**Task goal:** Reply with each record repeated exactly.
[[ Input data open ]]
(* Let $p$ be a prime and let $q$ be an integer with $\gcd(q,p)=1$. For $n\geq 1$ let $\Gamma_{p,n,q}$ be the directed graph with vertex set $\mathbb{Z}_{p^n}=\{0,1,\dots,p^n-1\}$ and edge set $$E=\{(x,\, q^y \bmod p^n)\;:\; x\in\mathbb{Z}_{p^n},\ y\in\mathbb{Z}_{\geq 0},\ y\equiv x \pmod{p^n}\},$$ and let $A_n$ be its adjacency matrix, with rows and columns indexed by $0,1,\dots,p^n-1$ in increasing order. Then: (1) If $q$ is a primitive root modulo $p$, then $A_1$ is the $p\times p$ matrix whose first column (index $0$) is zero and all of whose other entries equal $1$. If $q$ is not a primitive root modulo $p$, then $A_1$ is obtained from this matrix by changing some entries $1$ to $0$. (2) For $n>1$, writing $A_n$ in $p\times p$ block form with blocks of size $p^{n-1}\times p^{n-1}$ (block $b\in\{0,\dots,p-1\}$ corresponding to indices $bp^{n-1},\dots,(b+1)p^{n-1}-1$), there exist matrices $B_1^n,\dots,B_p^n\in\mathrm{Mat}_{p^{n-1}\times p^{n-1}}(\mathbb{Z})$ such that $$A_n=\begin{pmatrix} B_1^n & B_2^n &\dots & B_p^n \\ B_1^n & B_2^n &\dots & B_p^n \\ \vdots &\vdots & &\vdots \\ B_1^n & B_2^n &\dots & B_p^n \end{pmatrix}$$ (every block row is the same) and $B_1^n+B_2^n+\dots+B_p^n=A_{n-1}$.
   Context: Here $q^y \bmod p^n$ denotes the representative of $q^y$ modulo $p^n$ in $\{0,1,\dots,p^n-1\}$. The adjacency matrix has entry $1$ in position $(x,z)$ if $(x,z)$ is an edge and $0$ otherwise. *)

From Stdlib Require Import ClassicalDescription.
From mathcomp Require Import all_boot all_order all_algebra.
Set Implicit Arguments. Unset Strict Implicit. Unset Printing Implicit Defensive.
Import Order.TTheory GRing.Theory Num.Theory.
Local Open Scope ring_scope.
[[ Input data closed ]]
**Exercise solution:**
(* Let $p$ be a prime and let $q$ be an integer with $\gcd(q,p)=1$. For $n\geq 1$ let $\Gamma_{p,n,q}$ be the directed graph with vertex set $\mathbb{Z}_{p^n}=\{0,1,\dots,p^n-1\}$ and edge set $$E=\{(x,\, q^y \bmod p^n)\;:\; x\in\mathbb{Z}_{p^n},\ y\in\mathbb{Z}_{\geq 0},\ y\equiv x \pmod{p^n}\},$$ and let $A_n$ be its adjacency matrix, with rows and columns indexed by $0,1,\dots,p^n-1$ in increasing order. Then: (1) If $q$ is a primitive root modulo $p$, then $A_1$ is the $p\times p$ matrix whose first column (index $0$) is zero and all of whose other entries equal $1$. If $q$ is not a primitive root modulo $p$, then $A_1$ is obtained from this matrix by changing some entries $1$ to $0$. (2) For $n>1$, writing $A_n$ in $p\times p$ block form with blocks of size $p^{n-1}\times p^{n-1}$ (block $b\in\{0,\dots,p-1\}$ corresponding to indices $bp^{n-1},\dots,(b+1)p^{n-1}-1$), there exist matrices $B_1^n,\dots,B_p^n\in\mathrm{Mat}_{p^{n-1}\times p^{n-1}}(\mathbb{Z})$ such that $$A_n=\begin{pmatrix} B_1^n & B_2^n &\dots & B_p^n \\ B_1^n & B_2^n &\dots & B_p^n \\ \vdots &\vdots & &\vdots \\ B_1^n & B_2^n &\dots & B_p^n \end{pmatrix}$$ (every block row is the same) and $B_1^n+B_2^n+\dots+B_p^n=A_{n-1}$.
   Context: Here $q^y \bmod p^n$ denotes the representative of $q^y$ modulo $p^n$ in $\{0,1,\dots,p^n-1\}$. The adjacency matrix has entry $1$ in position $(x,z)$ if $(x,z)$ is an edge and $0$ otherwise. *)

From Stdlib Require Import ClassicalDescription.
From mathcomp Require Import all_boot all_order all_algebra.
Set Implicit Arguments. Unset Strict Implicit. Unset Printing Implicit Defensive.
Import Order.TTheory GRing.Theory Num.Theory.
Local Open Scope ring_scope.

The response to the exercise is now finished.